Lemma inJ_logn x : inJ x = ~~ odd (logn 2 x.+1).
Proof.
apply/idP/idP.
  case/existsP=> n /existsP [k /eqP ->].
  have pos : 0 < (2 * n + 1) * 2 ^ (2 * k) by rewrite muln_gt0 expn_gt0 /=; lia.
  rewrite subn1 prednK // logn_Gauss ?coprime2n; last by rewrite addn1 /= oddM.
  by rewrite pfactorK // oddM.
move=> even_e; have [r odd_r Ex] := pfactor_coprime (isT : prime 2) (ltn0Sn x).
rewrite coprime2n in odd_r; set e := logn 2 x.+1 in Ex even_e.
have Ee : e = (e./2).*2 by rewrite -[LHS]odd_double_half (negbTE even_e).
have Er : r = 2 * r./2 + 1 by rewrite -[LHS]odd_double_half odd_r addnC mul2n.
have r_gt0 : 0 < r by case: r odd_r {Ex Er}.
have le_e : e < x.+2.
  by rewrite ltnS (leq_trans (ltnW (ltn_expl e (isT : 1 < 2)))) // Ex leq_pmull.
have le_r : r <= x.+1 by rewrite Ex leq_pmulr // expn_gt0.
apply/existsP; exists (inord r./2); apply/existsP; exists (inord e./2).
rewrite !inordK; [|lia|lia].
by rewrite -Er mul2n -Ee -Ex subn1.
Qed.

Lemma inJ_double x : inJ (2 * x).
Proof. by rewrite inJ_logn logn_coprime // coprime2n -addn1 oddD oddM. Qed.

Lemma inJ_double_add1 x : inJ (2 * x + 1) = ~~ inJ x.
Proof. by rewrite !inJ_logn addn1 -(addn1 (2 * x)) -addnS -mulnSr lognM. Qed.

Local Open Scope ring_scope.

Section CharTwo.
Variable R : comNzRingType.
Hypothesis R2 : 2 \in [pchar R].

Lemma sum_fixfree_involution (T : finType) (P : pred T) (g : T -> T) (F : T -> R) :
    involutive g -> (forall x, P (g x) = P x) -> (forall x, P x -> g x != x) ->
    (forall x, F (g x) = F x) ->
  \sum_(x | P x) F x = 0.
Proof.
move=> gK Pg g_neq Fg; pose r (x : T) : nat := enum_rank x.
rewrite (bigID (fun x => r x < r (g x))%N) /=.
rewrite [X in _ + X](reindex_inj (can_inj gK)) /=.
rewrite -[RHS](addrr_pchar2 R2 (\sum_(x | P x && (r x < r (g x))%N) F x)).
congr (_ + _); apply: eq_big => [x|x _]; rewrite ?Fg // Pg gK.
case Px: (P x) => //=; rewrite -leqNgt leq_eqVlt.
suff /negbTE -> : r x != r (g x) by [].
by apply: contraNneq (g_neq x Px) => /val_inj/enum_rank_inj xg; rewrite -xg.
Qed.

Lemma sum_sym_diag n (F : 'I_n -> 'I_n -> R) :
  (forall i j, F i j = F j i) -> \sum_i \sum_j F i j = \sum_i F i i.
Proof.
move=> Fsym; rewrite pair_bigA /= (bigID (fun ij => ij.1 != ij.2)) /=.
rewrite (sum_fixfree_involution (g := fun ij => (ij.2, ij.1))) ?add0r.
- rewrite (reindex_onto (fun i => (i, i)) fst) /=; last by move=> [i j] /= /negPn/eqP ->.
  by apply: eq_bigl => i; rewrite !eqxx.
- by case.
- by move=> [i j]; rewrite eq_sym.
- by move=> [i j] /= ij; rewrite xpair_eqE eq_sym (negbTE ij).
- by move=> [i j]; rewrite Fsym.
Qed.

Lemma det_sym_involutions n (A : 'M[R]_n) : A^T = A ->
  \det A = \sum_(s : 'S_n | involution s) \prod_i A i (s i).
Proof.
move=> Asym; rewrite /determinant.
under eq_bigr do rewrite (oppr_pchar2 R2) expr1n mul1r.
rewrite (bigID (fun s => ~~ involution s)) /=.
rewrite (sum_fixfree_involution (g := invg)) ?add0r.
- by apply: eq_bigl => s; rewrite negbK.
- exact: invgK.
- by move=> s; rewrite /involution -invMg invg_eq1.
- by move=> s; apply: contraNneq => sV; rewrite /involution -{1}sV mulVg.
move=> s; rewrite (reindex_inj (@perm_inj _ s)) /=.
by apply: eq_bigr => i _; rewrite permK -[in LHS]Asym mxE.
Qed.

Lemma quad_form_sym n (B : 'M[R]_n) x (w : 'cV_n) :
    B^T = B -> (forall i, B i i = x) ->
  (w^T *m B *m w) 0 0 = x * (\sum_i w i 0) ^+ 2.
Proof.
move=> Bsym Bdiag.
have -> : (\sum_i w i 0) ^+ 2 = \sum_i w i 0 ^+ 2.
  by rewrite -(pFrobenius_autE R2) rmorph_sum.
rewrite mulr_sumr mxE.
under eq_bigr do rewrite mxE mulr_suml.
rewrite (sum_sym_diag (F := fun i j => w^T 0 j * B j i * w i 0)).
  by apply: eq_bigr => i _; rewrite mxE Bdiag mulrAC mulrC expr2.
move=> i j; rewrite !mxE -[in B j i]Bsym mxE.
by rewrite mulrC mulrA [RHS]mulrAC.
Qed.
########################################
BRIEF –
Restate the whole of the data exactly.

SOLUTION TO THIS EXERCISE –
Lemma inJ_logn x : inJ x = ~~ odd (logn 2 x.+1).
Proof.
apply/idP/idP.
  case/existsP=> n /existsP [k /eqP ->].
  have pos : 0 < (2 * n + 1) * 2 ^ (2 * k) by rewrite muln_gt0 expn_gt0 /=; lia.
  rewrite subn1 prednK // logn_Gauss ?coprime2n; last by rewrite addn1 /= oddM.
  by rewrite pfactorK // oddM.
move=> even_e; have [r odd_r Ex] := pfactor_coprime (isT : prime 2) (ltn0Sn x).
rewrite coprime2n in odd_r; set e := logn 2 x.+1 in Ex even_e.
have Ee : e = (e./2).*2 by rewrite -[LHS]odd_double_half (negbTE even_e).
have Er : r = 2 * r./2 + 1 by rewrite -[LHS]odd_double_half odd_r addnC mul2n.
have r_gt0 : 0 < r by case: r odd_r {Ex Er}.
have le_e : e < x.+2.
  by rewrite ltnS (leq_trans (ltnW (ltn_expl e (isT : 1 < 2)))) // Ex leq_pmull.
have le_r : r <= x.+1 by rewrite Ex leq_pmulr // expn_gt0.
apply/existsP; exists (inord r./2); apply/existsP; exists (inord e./2).
rewrite !inordK; [|lia|lia].
by rewrite -Er mul2n -Ee -Ex subn1.
Qed.

Lemma inJ_double x : inJ (2 * x).
Proof. by rewrite inJ_logn logn_coprime // coprime2n -addn1 oddD oddM. Qed.

Lemma inJ_double_add1 x : inJ (2 * x + 1) = ~~ inJ x.
Proof. by rewrite !inJ_logn addn1 -(addn1 (2 * x)) -addnS -mulnSr lognM. Qed.

Local Open Scope ring_scope.

Section CharTwo.
Variable R : comNzRingType.
Hypothesis R2 : 2 \in [pchar R].

Lemma sum_fixfree_involution (T : finType) (P : pred T) (g : T -> T) (F : T -> R) :
    involutive g -> (forall x, P (g x) = P x) -> (forall x, P x -> g x != x) ->
    (forall x, F (g x) = F x) ->
  \sum_(x | P x) F x = 0.
Proof.
move=> gK Pg g_neq Fg; pose r (x : T) : nat := enum_rank x.
rewrite (bigID (fun x => r x < r (g x))%N) /=.
rewrite [X in _ + X](reindex_inj (can_inj gK)) /=.
rewrite -[RHS](addrr_pchar2 R2 (\sum_(x | P x && (r x < r (g x))%N) F x)).
congr (_ + _); apply: eq_big => [x|x _]; rewrite ?Fg // Pg gK.
case Px: (P x) => //=; rewrite -leqNgt leq_eqVlt.
suff /negbTE -> : r x != r (g x) by [].
by apply: contraNneq (g_neq x Px) => /val_inj/enum_rank_inj xg; rewrite -xg.
Qed.

Lemma sum_sym_diag n (F : 'I_n -> 'I_n -> R) :
  (forall i j, F i j = F j i) -> \sum_i \sum_j F i j = \sum_i F i i.
Proof.
move=> Fsym; rewrite pair_bigA /= (bigID (fun ij => ij.1 != ij.2)) /=.
rewrite (sum_fixfree_involution (g := fun ij => (ij.2, ij.1))) ?add0r.
- rewrite (reindex_onto (fun i => (i, i)) fst) /=; last by move=> [i j] /= /negPn/eqP ->.
  by apply: eq_bigl => i; rewrite !eqxx.
- by case.
- by move=> [i j]; rewrite eq_sym.
- by move=> [i j] /= ij; rewrite xpair_eqE eq_sym (negbTE ij).
- by move=> [i j]; rewrite Fsym.
Qed.

Lemma det_sym_involutions n (A : 'M[R]_n) : A^T = A ->
  \det A = \sum_(s : 'S_n | involution s) \prod_i A i (s i).
Proof.
move=> Asym; rewrite /determinant.
under eq_bigr do rewrite (oppr_pchar2 R2) expr1n mul1r.
rewrite (bigID (fun s => ~~ involution s)) /=.
rewrite (sum_fixfree_involution (g := invg)) ?add0r.
- by apply: eq_bigl => s; rewrite negbK.
- exact: invgK.
- by move=> s; rewrite /involution -invMg invg_eq1.
- by move=> s; apply: contraNneq => sV; rewrite /involution -{1}sV mulVg.
move=> s; rewrite (reindex_inj (@perm_inj _ s)) /=.
by apply: eq_bigr => i _; rewrite permK -[in LHS]Asym mxE.
Qed.

Lemma quad_form_sym n (B : 'M[R]_n) x (w : 'cV_n) :
    B^T = B -> (forall i, B i i = x) ->
  (w^T *m B *m w) 0 0 = x * (\sum_i w i 0) ^+ 2.
Proof.
move=> Bsym Bdiag.
have -> : (\sum_i w i 0) ^+ 2 = \sum_i w i 0 ^+ 2.
  by rewrite -(pFrobenius_autE R2) rmorph_sum.
rewrite mulr_sumr mxE.
under eq_bigr do rewrite mxE mulr_suml.
rewrite (sum_sym_diag (F := fun i j => w^T 0 j * B j i * w i 0)).
  by apply: eq_bigr => i _; rewrite mxE Bdiag mulrAC mulrC expr2.
move=> i j; rewrite !mxE -[in B j i]Bsym mxE.
by rewrite mulrC mulrA [RHS]mulrAC.
Qed.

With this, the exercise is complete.